# Anyone tried the 'Drop Weight' stuff from Asda?



## Fabmumof3

Hi just realised there is a weightloss forum on here! Has anyone lost weight or have any info on the 'Drop Weight' diet stuff (its like Slimfast but cheaper!). Its sold by Asda. My friend did it for 8 days last week and lost 11lbs!! So ive got some shakes, soup and meal bars to try. Im not very good at 'regular' diets so i thought id try this. Im currently 5'6" and weight just under 11 stone but ideally id like to be 10 stone. Also anyone know how to get rid of a baggy belly after 3 kids??? Thanks


----------



## Inge

I never knew asda did a slimfast style range!:wacko:
Im might have a look at it today. I might get some next week when I get paid. Sorry I cant give any advice but hopefully someone knows about it and can give some advice x

linky to website - https://www.dropweight.com/how-it-works/the-programmes/


----------



## MummyToAmberx

Hiya

Ive recently come off SF because of the amount of sugar in it was giving me side effects. 
I cant find 'drop weight' products in asda, found 'measure up' they contain high sugar to.. now if this doesnt bother you then go for it. I was on average consuming 60g of sugar a day! on 1200 cal diet, 2000 cal diet should be 40g of sugar a day. 
If you dont exercise to burn this sugar off you will gain the fat it will add pounds. I was doing 40min exercise day on slimfast so thankfully never gained any lbs.

Good luck.


----------



## Inge

Mmm... the amount of sugar is off putting. Im just gonna keep at the diet and exercise.


----------



## Vici

I'm doing it (well Tesco own not Asda) and haven't been exercising and have lost 8lbs in 3 weeks (week 3 didn't count as i didn't stick to it 1 bit!!). It is high sugar but its a price i am happy to pay for losing weight!! Lots of meal replacement style diets will have down sides but at the end of the day, if you lose weight on them, IMO it outweighs any down sides!! Its an easy diet for lots of people to follow who stuggle with other things!!


----------



## Inge

Mmm... btu too much sugar is bad for you. Eating lots of sweet sugary diet products cant be good for you, surely? Sugar is just as bad as fat isnt it?


----------



## Vici

It's lactose sugar. I found some info out on it but I'm on my Ipod at the min so can't get it. It's a diet programme that has stood the test of time IMO and if it didn't work it wouldn't still be about. Yes people say that these kind of diets work and then you put all the weight back on - this is only true if you go back to old eating habits which is also true of any diet. I am on ultraslim and I split shakes with meal bars and they are 8g of sugar x


----------



## Vici

Just found it 

The majority of sugar that is in the Slim-Fast Shakes is lactose (natural milk sugar), due to the fact that the Shake is a milk-based Shake. *In fact, the amount of fat-free milk in the Ready-to-Drink Shakes is about equivalent to drinking an 8 ounce glass of milk. *Therefore, 12 grams of sugar are the lactose. *There are 6 grams of added sugar to the Shakes to enhance the flavor. *This is equivalent to less than 1.25 teaspoons of sugar. *(A teaspoon of sugar = 5 grams of sugar).
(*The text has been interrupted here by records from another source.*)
(* Let $\delta$ be a positive integer and let $a_{\delta,i}$ be the coefficient of $x^i$ in $$p_\delta(x)=\left(\frac{1+\sqrt{1-4x}}{2}\right)^{\delta+1}+\left(\frac{1-\sqrt{1-4x}}{2}\right)^{\delta+1}$$ (so $a_{\delta,0}=1$). For $j\ge1$ let $\omega_j=\zeta(2j,\delta)$ (alternatively $\omega_j=\zeta(2j-1,\delta)$; the claim holds for either choice). Then for every integer $r$ with $1\le r\le\delta$, setting $\omega_0=\frac{r}{\delta+1}$, $$\sum_{0\le i\le r}\omega_{r-i}\,a_{\delta,i}=0.$$
   Context: For positive integers $m$ and $\delta$, a $\delta$-deviation set of size $m$ is a finite sequence $(\alpha_1,\dots,\alpha_\ell)$ of positive integers such that (i) $\sum_i\alpha_i=m$; (ii) $\big|\sum_i\alpha_{2i-1}-\sum_i\alpha_{2i}\big|\le 1$; (iii) $\big|\sum_{1\le i\le j}(-1)^{i-1}\alpha_i\big|\le\delta$ for every $j\ge1$; and $\zeta(m,\delta)$ is the number of $\delta$-deviation sets of size $m$. *)

From HB Require Import structures.
From mathcomp Require Import all_boot all_order all_algebra.
Set Implicit Arguments. Unset Strict Implicit. Unset Printing Implicit Defensive.
Import Order.TTheory GRing.Theory Num.Theory.
Local Open Scope ring_scope.

(* Alternating partial sum  sum_{1<=i<=j} (-1)^(i-1) alpha_i  of the first j
   terms of s (0-indexed: s`_0 = alpha_1 carries sign +). *)
Definition alt_partial (s : seq nat) (j : nat) : int :=
  \sum_(i < j) (-1) ^+ i * (nth 0%N s i)%:Z.

Definition is_dev_set (m delta : nat) (s : seq nat) : bool :=
  [&& all (fun a => 0 < a)%N s,
      sumn s == m,
      (* |sum_i alpha_{2i-1} - sum_i alpha_{2i}| <= 1 ; 1-indexed odd = 0-indexed even *)
      `| (\sum_(i < size s | ~~ odd i) (nth 0%N s i)%:Z)
         - (\sum_(i < size s | odd i) (nth 0%N s i)%:Z) | <= 1 &
      (* for every j >= 1 (beyond size s the partial sum is constant) *)
      [forall j : 'I_(size s), `| alt_partial s j.+1 | <= delta%:Z ] ].

(* Such a sequence
   has length <= m and entries <= m, so we count, for each length k <= m,
   the k-tuples with entries in 'I_(m.+1) forming a deviation set. *)
Definition zeta (m delta : nat) : nat :=
  (\sum_(k < m.+1)
     #|[set t : k.-tuple 'I_(m.+1) | is_dev_set m delta (map val t)]|)%N.

(* p_delta(x) = ((1+s)/2)^(d+1) + ((1-s)/2)^(d+1) with s = sqrt(1-4x).
   Binomial expansion: the odd powers of s cancel, so
   p_delta = 2^(-d) * sum_k C(d+1, 2k) (1-4x)^k, a polynomial in x. *)
Definition pdelta (d : nat) : {poly rat} :=
  (2%:R ^- d) *: \sum_(k < d.+2) ('C(d.+1, k.*2))%:R *: (1 - 4%:R *: 'X) ^+ k.

Definition acoef (d i : nat) : rat := (pdelta d)`_i.

From HB Require Import structures.
From mathcomp Require Import all_boot all_order all_algebra.
From mathcomp Require Import ring zify.
Import Order.TTheory GRing.Theory Num.Theory.

Set Implicit Arguments.
Unset Strict Implicit.
Unset Printing Implicit Defensive.

(* For j <= delta the bound on the alternating partial sums follows from the
   other conditions, so a delta-deviation set of size 2j (resp. 2j-1) is a
   sequence of positive integers whose entries in odd and in even positions
   sum to j and j (resp. to j and j-1 in some order).  Peeling off the first
   entry gives a recursion solved by the hockey-stick identity, and both
   counts equal C(2j-1, j).
   Let v = x + v^2 be the Catalan series, u = 1 - v and s = 1 - 2v, so that
   s^2 = 1 - 4x.  Then u and v are the roots of t^2 - t + x, hence
   p_delta = u^(delta+1) + v^(delta+1), and sum_(j>=1) C(2j-1, j) x^j = v / s.
   Multiplying (delta+1) p_delta v / s + x p_delta' by s and using x = u v and
   s v' = 1 leaves (delta+1) v^(delta+1), which vanishes modulo x^(delta+1);
   the coefficient of x^r is delta+1 times the claimed sum.  Power series are
   handled as polynomials modulo 'X^n. *)

Fixpoint parity_sums (s : seq nat) : nat * nat :=
  if s is x :: s' then (x + (parity_sums s').2, (parity_sums s').1) else (0, 0).

Lemma sumn_parity_sums s : sumn s = (parity_sums s).1 + (parity_sums s).2.
Proof. by elim: s => [|x s IH] //=; rewrite IH; lia. Qed.

Section AlternatingSums.
Local Open Scope ring_scope.

Lemma sum_nth_parity s :
  \sum_(i < size s | ~~ odd i) (nth 0%N s i)%:Z = (parity_sums s).1 /\
  \sum_(i < size s | odd i) (nth 0%N s i)%:Z = (parity_sums s).2.
Proof.
rewrite [X in X = _ /\ _]big_mkcond [X in _ /\ X = _]big_mkcond /=.
elim: s => [|x s [IHe IHo]] /=; first by rewrite !big_ord0.
rewrite !big_ord_recl /= add0r PoszD -IHe -IHo; split; last by [].
by congr (_ + _); apply: eq_bigr => i _; rewrite negbK.
Qed.

Lemma alt_partial_cons x s j : alt_partial (x :: s) j.+1 = x%:Z - alt_partial s j.
Proof.
rewrite /alt_partial big_ord_recl /= mul1r -sumrN.
by congr (_ + _); apply: eq_bigr => i _; rewrite exprS mulN1r mulNr.
Qed.

Lemma alt_partial_bounds s j :
  - (parity_sums s).2%:Z <= alt_partial s j <= (parity_sums s).1%:Z.
Proof.
elim: s j => [|x s IH] [|j]; try by rewrite /alt_partial big_ord0 /=; lia.
  by rewrite /alt_partial big1 // => i _; rewrite nth_nil mulr0.
by rewrite alt_partial_cons /=; have := IH j; lia.
Qed.

Lemma is_dev_set_small m delta s : (m <= delta.*2)%N ->
  is_dev_set m delta s =
  [&& all (fun a => 0 < a)%N s, sumn s == m,
      ((parity_sums s).1 <= (parity_sums s).2.+1)%N
    & ((parity_sums s).2 <= (parity_sums s).1.+1)%N].
Proof.
move=> le_m2d; rewrite /is_dev_set; have [-> ->] := sum_nth_parity s.
case: (all _ _) => //=; case: eqP => //= /eqP; rewrite sumn_parity_sums => sum_m.
have -> : (`|(parity_sums s).1%:Z - (parity_sums s).2%:Z| <= 1) =
    ((parity_sums s).1 <= (parity_sums s).2.+1)%N && ((parity_sums s).2 <= (parity_sums s).1.+1)%N.
  by rewrite ler_norml; apply/andP/andP => -[]; lia.
apply/andP/idP => [[] // | bal]; split=> //; apply/forallP => j; rewrite ler_norml.
have := alt_partial_bounds s j.+1; lia.
Qed.

End AlternatingSums.

Definition has_parity_sums a b (s : seq nat) : bool :=
  [&& all (fun x => 0 < x) s, (parity_sums s).1 == a & (parity_sums s).2 == b].

Lemma has_parity_sums_cons a b x s :
  has_parity_sums a b (x :: s) = (0 < x <= a) && has_parity_sums b (a - x) s.
Proof.
rewrite /has_parity_sums /=; case: (parity_sums s) => E O /=.
case: (0 < x); case: (all _ s) => //=; rewrite ?andbF //.
by apply/andP/and3P => [[/eqP ? /eqP ?] | [? /eqP ? /eqP ?]]; split; try apply/eqP; lia.
Qed.

Lemma dev_set_even j delta s : j <= delta ->
  is_dev_set j.*2 delta s = has_parity_sums j j s.
Proof.
move=> le_jd; rewrite is_dev_set_small ?leq_double // /has_parity_sums sumn_parity_sums.
case: (all _ s) (parity_sums s) => [] [E O] //=.
by apply/and3P/andP => [[/eqP ? ? ?] | [/eqP ? /eqP ?]]; split; try apply/eqP; lia.
Qed.

Lemma dev_set_odd j delta s : 0 < j <= delta ->
  is_dev_set j.*2.-1 delta s = has_parity_sums j j.-1 s || has_parity_sums j.-1 j s.
Proof.
case/andP=> j_gt0 le_jd; rewrite is_dev_set_small; last by lia.
rewrite /has_parity_sums sumn_parity_sums.
case: (all _ s) (parity_sums s) => [] [E O] //=; apply/and3P/orP.
  by case=> /eqP ? ? ?; case: (leqP O E) => ?; [left | right]; apply/andP; split; apply/eqP; lia.
by case=> /andP[/eqP ? /eqP ?]; split; try apply/eqP; lia.
Qed.

Lemma has_parity_sums_disjoint a b s :
  a != b -> ~~ (has_parity_sums a b s && has_parity_sums b a s).
Proof.
move=> /eqP neq_ab; apply/negP => /andP[/and3P[_ /eqP Ea _] /and3P[_ /eqP Eb _]].
by apply: neq_ab; rewrite -Ea.
Qed.

Definition count_tuples M k (P : pred (seq nat)) : nat :=
  \sum_(t : k.-tuple 'I_M) P (map val t).

Lemma card_tuples_count M k (P : pred (seq nat)) :
  #|[set t : k.-tuple 'I_M | P (map val t)]| = count_tuples M k P.
Proof. by rewrite -sum1_card big_mkcond; apply: eq_bigr => t _; rewrite inE; case: (P _). Qed.

Lemma eq_count_tuples M k (P Q : pred (seq nat)) :
  P =1 Q -> count_tuples M k P = count_tuples M k Q.
Proof. by move=> eqPQ; apply: eq_bigr => t _; rewrite eqPQ. Qed.

Lemma count_tuples0 M P : count_tuples M 0 P = P [::].
Proof.
rewrite /count_tuples (eq_bigr (fun _ => nat_of_bool (P [::]))) => [|t _]; last by rewrite tuple0.
by rewrite sum_nat_const card_tuple expn0 mul1n.
Qed.

Lemma count_tuplesS M k P :
  count_tuples M k.+1 P = \sum_(x : 'I_M) count_tuples M k (fun s => P (val x :: s)).
Proof.
rewrite /count_tuples pair_big_dep /=.
rewrite (reindex (fun p : 'I_M * k.-tuple 'I_M => [tuple of p.1 :: p.2])) //=.
exists (fun t : k.+1.-tuple 'I_M => (thead t, [tuple of behead t])).
  by move=> [x t] _; congr pair; apply: val_inj.
by move=> [[|x s] hs] _; apply: val_inj.
Qed.

Lemma count_tuples_orb M k (P Q : pred (seq nat)) : (forall s, ~~ (P s && Q s)) ->
  count_tuples M k (fun s => P s || Q s) = count_tuples M k P + count_tuples M k Q.
Proof.
move=> PQ0; rewrite /count_tuples -big_split /=; apply: eq_bigr => t _.
by move: (PQ0 (map val t)); case: (P _); case: (Q _).
Qed.

Definition count_parity M K a b : nat :=
  \sum_(k < K) count_tuples M k (has_parity_sums a b).

Lemma count_parityS M K a b : count_parity M K.+1 a b =
  ((a == 0) && (b == 0)) +
  \sum_(x < M) (if 0 < x <= a then count_parity M K b (a - x) else 0).
Proof.
rewrite /count_parity big_ord_recl count_tuples0; congr addn.
  by rewrite /has_parity_sums /= !(eq_sym 0).
rewrite (eq_bigr (fun k : 'I_K => \sum_(x < M)
   (if 0 < x <= a then count_tuples M k (has_parity_sums b (a - x)) else 0))).
  rewrite exchange_big; apply: eq_bigr => x _.
  by case: ifP => // _; rewrite big1.
move=> k _; rewrite count_tuplesS; apply: eq_bigr => x _.
rewrite (eq_count_tuples _ _ (has_parity_sums_cons a b x)).
by case: ifP => //= _; rewrite /count_tuples big1.
Qed.

Definition parity_binomial a b : nat :=
  if a == 0 then nat_of_bool (b == 0) else 'C(a + b - 1, b).

Lemma sum_bin_diag c a : \sum_(y < a.+1) 'C(c + y, y) = 'C(c + a.+1, a).
Proof.
elim: a => [|a IH]; first by rewrite big_ord1 !bin0.
by rewrite big_ord_recr /= IH !addnS binS addnC.
Qed.

Lemma sum_parity_binomial b a :
  \sum_(y < a.+1) parity_binomial b y = parity_binomial a.+1 b.
Proof.
rewrite /parity_binomial /=; case: b => [|c] /=.
  by rewrite big_ord_recl big1 ?bin0.
rewrite (eq_bigr (fun y : 'I_a.+1 => 'C(c + y, y))) => [|y _]; last by rewrite addSn subn1.
rewrite sum_bin_diag -bin_sub; last by lia.
by congr binomial; lia.
Qed.

Lemma count_parityE M K a b : a + b < M -> a + b < K ->
  count_parity M K a b = parity_binomial a b.
Proof.
elim: K a b => [//|K IH] a b ltM ltK; rewrite count_parityS.
pose g x := if 0 < x then parity_binomial b (a - x) else 0.
rewrite (eq_bigr (fun x : 'I_M => if x < a.+1 then g x else 0)) => [|x _]; last first.
  rewrite /g; case: (ltnP 0 x) => x_gt0 /=; last by rewrite if_same.
  by rewrite ltnS; case: ifP => // le_xa; apply: IH; lia.
rewrite -big_mkcond -(big_ord_widen _ g) ?big_ord_recl /g /=; last by lia.
case: a {ltM ltK g} => [|a]; first by rewrite big_ord0; case: b.
rewrite /= !add0n -sum_parity_binomial -(big_mkord xpredT) big_rev_mkord subn0.
by apply: eq_bigr => i _; rewrite /bump add1n.
Qed.

Lemma zeta_even j delta : 0 < j <= delta -> zeta j.*2 delta = 'C(j.*2.-1, j).
Proof.
case/andP=> j_gt0 le_jd; rewrite /zeta.
under eq_bigr => k _
  do rewrite card_tuples_count (eq_count_tuples _ _ (fun s => dev_set_even s le_jd)).
rewrite -/(count_parity _ _ j j) count_parityE; try lia.
by rewrite /parity_binomial (negPf (lt0n_neq0 j_gt0)) addnn subn1.
Qed.

Lemma zeta_odd j delta : 0 < j <= delta -> zeta j.*2.-1 delta = 'C(j.*2.-1, j).
Proof.
move=> /[dup] /andP[j_gt0 _] hj; rewrite /zeta.
under eq_bigr => k _
  do rewrite card_tuples_count (eq_count_tuples _ _ (fun s => dev_set_odd s hj)).
have neq : j != j.-1 by rewrite neq_ltn ltn_predL j_gt0 orbT.
under eq_bigr => k _
  do rewrite (count_tuples_orb _ _ (fun s => has_parity_sums_disjoint s neq)).
rewrite big_split /= -/(count_parity _ _ j j.-1) -/(count_parity _ _ j.-1 j).
rewrite !count_parityE; try lia.
case: j j_gt0 {hj neq} => [//|i] _; rewrite /parity_binomial /=.
have -> : i.+1 + i - 1 = i.*2 by lia.
have -> : i + i.+1 - 1 = i.*2 by lia.
by case: eqP => [-> //|_]; rewrite binS addnC.
Qed.

Local Open Scope ring_scope.

Section DivisibilityByXn.
Variable F : fieldType.
Implicit Types p q : {poly F}.

Lemma dvdp_XnP n p : reflect (forall i, (i < n)%N -> p`_i = 0) ('X^n %| p).
Proof.
apply: (iffP (dvdpP _ _)) => [[q ->] i lt_in | p_low].
  by rewrite coefMXn lt_in.
exists (drop_poly n p); rewrite -[LHS](poly_take_drop n) addrC.
suff -> : take_poly n p = 0 by rewrite addr0.
by apply/polyP => i; rewrite coef_take_poly coef0; case: ifP => // /p_low.
Qed.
These are the pre mares and I know people who use water or soya milk to make up from tins so I assume the sugar intake is less. X


----------



## Inge

Thanks for clearing it up for me. Its just in my mind all sugar is bad for you :blush:
I might try it in august. Is it quite expensive to follow a shake diet? How long are you planning to follow the plan for? Also do you have an example of a typical days diet and exercise so I get a clearer view? Sorry for the demands :kiss:


----------



## Vici

TBH if i didn't need to lose weight by my wedding i wouldn't be doing it. I can lose 1-2lb a week just exercising and cutting out crap but i want to lose a bit more than that and i can lose 3-4lb a week on Ultraslim. I have terrible motivation and willpower and need something quite strict to keep me on track. This def isn't the case for everyone!

An avaerage day

Breakfast - shake
Snack - Piece of fruit
Lunch - meal bar
Snack - snackajacks/french fries/wotsits (anything under 100cal)
Dinner - Chicken breast, poato wedges/jacket pot, salad/veg
Snack - options hot chocolate

I try to drink at least 2 litres of water/no sugar squash and i also try to limit my diet coke intake to 1 can per day! :)


----------